The appearance of the rare and coveted “Gobnugget” was akin to finding that Sour Diesel in a field of indicas, providing a special treat to punctuate the setlist. The monster groove ignited the night while also serving as the unofficial Chalice anthem. Rocklin, drummer Zach Velmer and percussionist Jeffree Lerner were dialed in like a groove machine, while guitarist Hunter Brown and keyboardist David Phipps provided ultra-funky accents before the band moved into the transcendent bridge section that took the crowd to a cloud. A pairing with the uplifting “Golden Gate” provided a brilliant thematic segue, as Lerner’s ace percussion blended with chiming melodies to conjure the feeling that medical marijuana could indeed help lift humanity into a new golden age.


The band’s renewed vitality surfaced again during “Grow”, with a fresh jam section that took the tune to heights not seen in years. “That was my fifth show I’ve seen with Alana and I thought it was the most patient and explorative one yet”, said one hardcore STS9er after the show. “It’s really refreshing to see Zach and Hunter really stepping up and taking control of the flow and not fighting with Murph on stage.”


“New Dawn New Day” seemed to put an exclamation point on the sentiment about the band’s revitalization. The new song features an infectious crowd pleasing groove where Brown’s lead guitar seemed to dance over the surging rhythms provided by Velmer and Rocklin, while Phipps and Lerner added the extra layers that generate STS9’s unique sonic landscape. In the end, the band’s dynamic performance showed that STS9 has rebounded magnificently from the setback of Murphy’s sudden departure and that the best may well still be to come. The triumphant set served as a climactic finale to the Chalice event and there’s no doubt that Chalice provided the grooviest kicks seen along old Route 66 in some time.

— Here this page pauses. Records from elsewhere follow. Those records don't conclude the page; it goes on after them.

Lemma stable_capmx_kermx W c : act_stable W -> act_stable (W :&: kermx (actmx c))%MS.
Proof.
move=> stW b; rewrite sub_capmx; apply/andP; split.
  by apply: submx_trans (stW b); apply: submxMr; apply: capmxSl.
apply/sub_kermxP; rewrite -mulmxA regmxC mulmxA.
by have /sub_kermxP -> := capmxSr W (kermx (actmx c)); rewrite mul0mx.
Qed.

Section MinimalStable.
Variable W : 'M[L]_l.+1.
Hypotheses (nzW : W != 0) (stW : act_stable W).
Hypothesis minW : forall W1, (W1 <= W)%MS -> W1 != 0 -> act_stable W1 -> (W <= W1)%MS.

Definition ann (b : B) : Prop := W *m actmx b = 0.

Lemma ann_ideal : is_ideal ann.
Proof.
split=> [|b c|a b]; rewrite /ann.
- by rewrite -(scale0r 0) actmxZ rmorph0 scale0r mulmx0.
- by rewrite actmxD mulmxDr => -> ->; rewrite addr0.
- by rewrite actmxM regmxC mulmxA => ->; rewrite mul0mx.
Qed.

Lemma ann1 : ~ ann 1.
Proof. by rewrite /ann actmx1 mulmx1 => W0; move: nzW; rewrite W0 eqxx. Qed.

Lemma ann_prime b c : ann (b * c) -> ~ ann b -> ann c.
Proof.
rewrite /ann actmxM regmxC mulmxA => Wcb0 Wb; set W1 := (W :&: kermx (actmx b))%MS.
(* By minimality of W, the stable subspace W1 is either 0 or all of W. *)
have [W1_0 | nzW1] := eqVneq W1 0.
  apply/eqP; rewrite -submx0 -W1_0 sub_capmx stW.
  by apply/sub_kermxP.
case: Wb; apply/sub_kermxP; apply: submx_trans (capmxSr W _).
exact: minW (capmxSl _ _) nzW1 (stable_capmx_kermx _ stW).
Qed.

Lemma minimal_stable_eigen :
  exists2 phi : B -> k, is_kalg_hom phi & forall b, W *m actmx b = f (phi b) *: W.
Proof.
have ann_max := prime_ideal_maximal HBcomm ann_ideal ann1 ann_prime.
have [phi phi_hom annP] := residue_kalg_hom HBcomm ann_ideal ann1 (HBres ann_max).
exists phi => // b; apply/eqP; rewrite -subr_eq0; apply/eqP.
have := annP b; rewrite /ann.
by rewrite -scaleNr actmxD actmxZ actmx1 mulmxDr -scalemxAr mulmx1 rmorphN scaleNr.
Qed.

End MinimalStable.

Lemma nonunit_kalg_hom (y : Dring) : y \isn't a GRing.unit ->
  exists2 phi : B -> k, is_kalg_hom phi & baseChange eps f phi y = 0.
Proof.
move=> Uy; have nzK : kermx (regmx y) != 0.
  rewrite -mxrank_eq0 mxrank_ker subn_eq0 -ltnNge ltn_neqAle rank_leq_row andbT.
  by move: Uy; rewrite unitDringE -row_free_unit.
have [W [sWK nzW stW minW]] := ex_minimal_submx nzK (@kermx_regmx_stable y).
have [phi phi_hom Weig] := minimal_stable_eigen nzW stW minW.
exists phi => //; suff : baseChange eps f phi y *: W = 0.
  by move/eqP; rewrite scalemx_eq0 (negPf nzW) orbF => /eqP.
have /sub_kermxP := sWK; rewrite regmx_decomp mulmx_sumr => <-.
rewrite /baseChange scaler_suml; apply: eq_bigr => m _.
by rewrite -scalemxAr Weig scalerA mulrC.
Qed.

Lemma dmapM (d : L -> L) : is_kderivation f d ->
  forall x y : Dring, dmap d (x * y) = (dmap d x : Dring) * y + x * (dmap d y : Dring).
Proof.
case=> dD dM dZ x y; have d0 : d 0 = 0 by apply: (@addrI _ (d 0)); rewrite -dD !addr0.
apply/ffunP=> j; rewrite [LHS]ffunE [RHS]ffunE !mulDringE !dmulE.
rewrite (big_morph d dD d0) -big_split; apply: eq_bigr => i _.
rewrite (big_morph d dD d0) -big_split; apply: eq_bigr => m _.
by rewrite -mulrA dZ dM !ffunE mulrDr !mulrA.
Qed.

Lemma is_delta_hom_onE (nd : nat) (delta : 'I_nd -> L -> L) (S : L -> Prop)
    (E : L -> Dring) :
  is_delta_hom_on eps f delta S E <->
  [/\ forall x y, S x -> S y -> E (x + y) = E x + E y,
      forall x y, S x -> S y -> E (x * y) = E x * E y,
      E 1 = 1 &
      forall j x, S x -> E (delta j x) = dmap (delta j) (E x)].
Proof. by []. Qed.

Lemma delta_hom_frac_extension
    (nd : nat) (delta : 'I_nd -> L -> L) (Hder : forall j, is_kderivation f (delta j))
    (R : L -> Prop) (HR : is_delta_subring_k f delta R)
    (e : L -> Dring) (He : is_delta_hom_on eps f delta R e)
    (Hinj : forall phi : B -> k, is_kalg_hom phi -> forall x y, R x -> R y ->
       baseChange eps f phi (e x) = baseChange eps f phi (e y) -> x = y) :
  exists E : L -> DL l L,
    [/\ is_delta_hom_on eps f delta (frac_in R) E,
        forall x, R x -> E x = e x &
        forall E' : L -> DL l L, is_delta_hom_on eps f delta (frac_in R) E' ->
          (forall x, R x -> E' x = e x) -> forall x, frac_in R x -> E' x = E x].
Proof.
case: HR => RB RM R1 _ Rdelta; case/is_delta_hom_onE: He => eD eM e1 edelta.
have R0 : R 0 by rewrite -(subrr 1); apply: RB.
have e0 : e 0 = 0 by rewrite -(subrr 1) (hom_sub RB eD) // subrr.
have eU b : R b -> b != 0 -> e b \is a GRing.unit.
  move=> Rb nzb; apply/negPn/negP => /nonunit_kalg_hom [phi phi_hom bc0].
  move/eqP: nzb; apply; apply: (Hinj _ phi_hom _ _ Rb R0).
  by rewrite bc0 e0 /baseChange big1 // => m _; rewrite ffunE mulr0.
exists (frac_ext (S := Dring) R e); split.
- apply/is_delta_hom_onE; split=> [x y Rx Ry | x y Rx Ry | | j x Rx].
  + exact: frac_ext_add.
  + exact: frac_ext_mul.
  + exact: frac_ext1.
  + have [_ dM _] := Hder j.
    by apply: frac_ext_der => //; [apply: dmapM | apply: Rdelta | apply: edelta].
- by move=> x Rx; apply: (frac_ext_id R1 eM e1 eU).
- by move=> E' /is_delta_hom_onE[_ E'M _ _] E'e; apply: (frac_ext_unique R1 eM eU).
Qed.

Greg M. Schwartz has covered music and pop culture for PopMatters since 2006. He focuses on events coverage with a preference for guitar-driven rock 'n' roll, but has eclectic tastes for the golden age of sound that is the 21st century music scene. He has a soft spot for music with a socially conscious flavor and is also an award-winning investigative reporter. Follow him on Twitter at @gms111, where he's always looking for tips on new bands or under the radar news items.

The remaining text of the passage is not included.